**TASK DIRECTIONS**
Please give back word for word the lines of the material below between the line containing "Local Notation cM := (cmx M)." and the line containing "Local Notation DeltaR", inclusive.

[[ DATA EXTRACTS open ]]

Lemma snorm_ctr m p (X : 'M[C]_(m, p)) : snorm (ctr X) <= snorm X.
Proof.
apply: snorm_le => [|u]; first exact: snorm_ge0.
set y := ctr X *m u.
(* [|y|^2 = Re (u^* X y) <= |u| |X y| <= |u| ||X|| |y|] *)
have y_sq : vnorm y ^+ 2 <= snorm X * vnorm u * vnorm y.
  rewrite -ip_self {1}/ip {1}/y ctrM ctrK -mulmxA -/(ip u (X *m y)).
  apply: le_trans (ip_le_vnorm _ _) _.
  by rewrite mulrAC [leLHS]mulrC ler_wpM2r ?vnorm_ge0 ?vnorm_mulmx_le.
have [y0|y_neq0] := eqVneq (vnorm y) 0; first by rewrite y0 mulr_ge0 ?snorm_ge0 ?vnorm_ge0.
by rewrite -(ler_pM2r (_ : 0 < vnorm y)) ?lt0r ?y_neq0 ?vnorm_ge0 // -expr2.
Qed.

Lemma snorm_herm m (X : 'M[C]_m) : snorm (herm X) <= 2 * snorm X.
Proof. by rewrite mulr2n mulrDl mul1r (le_trans (snormD _ _)) ?lerD ?snorm_ctr. Qed.

End SpectralNorm.

Section ResidualGap.
Variable R : realType.
Local Notation C := (R[i]).
Variables (n r : nat) (A M : 'M[R]_n) (B : 'M[R]_(n, r)) (alpha : nat -> C)
  (v : nat -> 'M[C]_(n, r)).

Local Notation cA := (cmx A).
Local Notation cM := (cmx M).
Local Notation g k := ((gam alpha k ^+ 2)%:C)%C.
Local Notation u k := (cM *m v k).
Local Notation w := (w M B alpha v).
Local Notation s := (s A M B alpha v).
Local Notation eta := (eta_adi A M B alpha v).
Local Notation DeltaR := (DeltaR A M B alpha v).
(* Let $\mathcal{G}_{\curlywedge}=(G,o,\curlywedge,R_1,\ldots,R_n)$ be a functional Menger $\curlywedge$-algebra of rank $n$ and let $H$ be a nonempty subset of $G$. Then $H$ is a stabilizer of $\mathcal{G}_{\curlywedge}$ if and only if: (1) $H$ is quasi-stable, $\curlywedge$-stable and $v$-unitary; (2) there exists a subset $U\subseteq G$ with $H\subseteq U$, $R_iU\subseteq H$ and $R_i(G\setminus U)\subseteq G\setminus U$ for every $i\in\{1,\ldots,n\}$, such that (3) for all $x,y\in G$: if $x\in U$ and $y\in H$ then $y[R_1x\ldots R_nx]\in H$; and if $x\in U$ and $y\in U$ then $y[R_1x\ldots R_nx]\in U$.
   Context: A functional Menger system of rank $n$ is a nonempty set $G$ with an $(n+1)$-ary operation $o\colon(x_0,x_1,\ldots,x_n)\mapsto x_0[x_1\ldots x_n]$ and unary operations $R_1,\ldots,R_n$ satisfying, for all $i,k\in\{1,\ldots,n\}$ and all elements: (A1) $x[y_1\ldots y_n][z_1\ldots z_n]=x[y_1[z_1\ldots z_n]\ldots y_n[z_1\ldots z_n]]$; (A2) $x[R_1x\ldots R_nx]=x$; (A3) $x[\bar u\,|_iz][R_1y\ldots R_ny]=x[\bar u\,|_iz[R_1y\ldots R_ny]]$; (A4) $R_ix[R_1y\ldots R_ny]=(R_ix)[R_1y\ldots R_ny]$; (A5) $x[R_1y\ldots R_ny][R_1z\ldots R_nz]=x[R_1z\ldots R_nz][R_1y\ldots R_ny]$; (A6) $R_ix[y_1\ldots y_n]=R_i(R_kx)[y_1\ldots y_n]$; (A7) $(R_ix)[y_1\ldots y_n]=y_i[R_1(x[y_1\ldots y_n])\ldots R_n(x[y_1\ldots y_n])]$. Here $x[\bar u\,|_iz]$ denotes $x[u_1\ldots u_{i-1}\,z\,u_{i+1}\ldots u_n]$, and $R_ix[\ldots]$ means $R_i(x[\ldots])$. A functional Menger $\curlywedge$-algebra of rank $n$ is an algebra $(G,o,\curlywedge,R_1,\ldots,R_n)$ such that $(G,o,R_1,\ldots,R_n)$ is a functional Menger system of rank $n$, $(G,\curlywedge)$ is a semilattice, and (A8) $x\curlywedge y[R_1z\ldots R_nz]=(x\curlywedge y)[R_1z\ldots R_nz]$; (A9) $x\curlywedge y=x[R_1(x\curlywedge y)\ldots R_n(x\curlywedge y)]$; (A10) $(x\curlywedge y)[z_1\ldots z_n]=x[z_1\ldots z_n]\curlywedge y[z_1\ldots z_n]$. For a set $A$, $\mathcal F(A^n,A)$ is the set of partial maps $A^n\to A$ (viewed as subsets of $A^n\times A$). The Menger composition $f[g_1\ldots g_n]$ is the partial function $\bar a\mapsto f(g_1(\bar a),\ldots,g_n(\bar a))$ (defined exactly when the right side is defined), and $\mathcal R_if$ is the partial function with the same domain as $f$ given by $(a_1,\ldots,a_n)\mapsto a_i$. A representation of $\mathcal G_\curlywedge$ by $n$-place functions on a set $A$ is a map $P\colon G\to\mathcal F(A^n,A)$ with $P(x[y_1\ldots y_n])=P(x)[P(y_1)\ldots P(y_n)]$, $P(R_ix)=\mathcal R_iP(x)$ and $P(x\curlywedge y)=P(x)\cap P(y)$ (set-theoretic intersection). A nonempty $H\subseteq G$ is a stabilizer of $\mathcal G_\curlywedge$ if there exist such a representation $P$ on some set $A$ and a point $a\in A$ with $H=\{g\in G: P(g)(a,\ldots,a)=a\}$. A nonempty $H\subseteq G$ is quasi-stable if $x\in H\Rightarrow x[x\ldots x]\in H$; $\curlywedge$-stable if $x,y\in H\Rightarrow x\curlywedge y\in H$; $v$-unitary if $x[y_1\ldots y_n]\in H$ and $y_1,\ldots,y_n\in H$ imply $x\in H$. *)

(* 'I_n is the index set {1..n} (shifted to {0..n-1}). *)
From mathcomp Require Import all_boot.
Set Implicit Arguments. Unset Strict Implicit. Unset Printing Implicit Defensive.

[[ DATA EXTRACTS closed ]]

**SOLUTION TO THE EXERCISE**
Local Notation cM := (cmx M).
Local Notation g k := ((gam alpha k ^+ 2)%:C)%C.
Local Notation u k := (cM *m v k).
Local Notation w := (w M B alpha v).
Local Notation s := (s A M B alpha v).
Local Notation eta := (eta_adi A M B alpha v).
Local Notation DeltaR := (DeltaR A M B alpha v).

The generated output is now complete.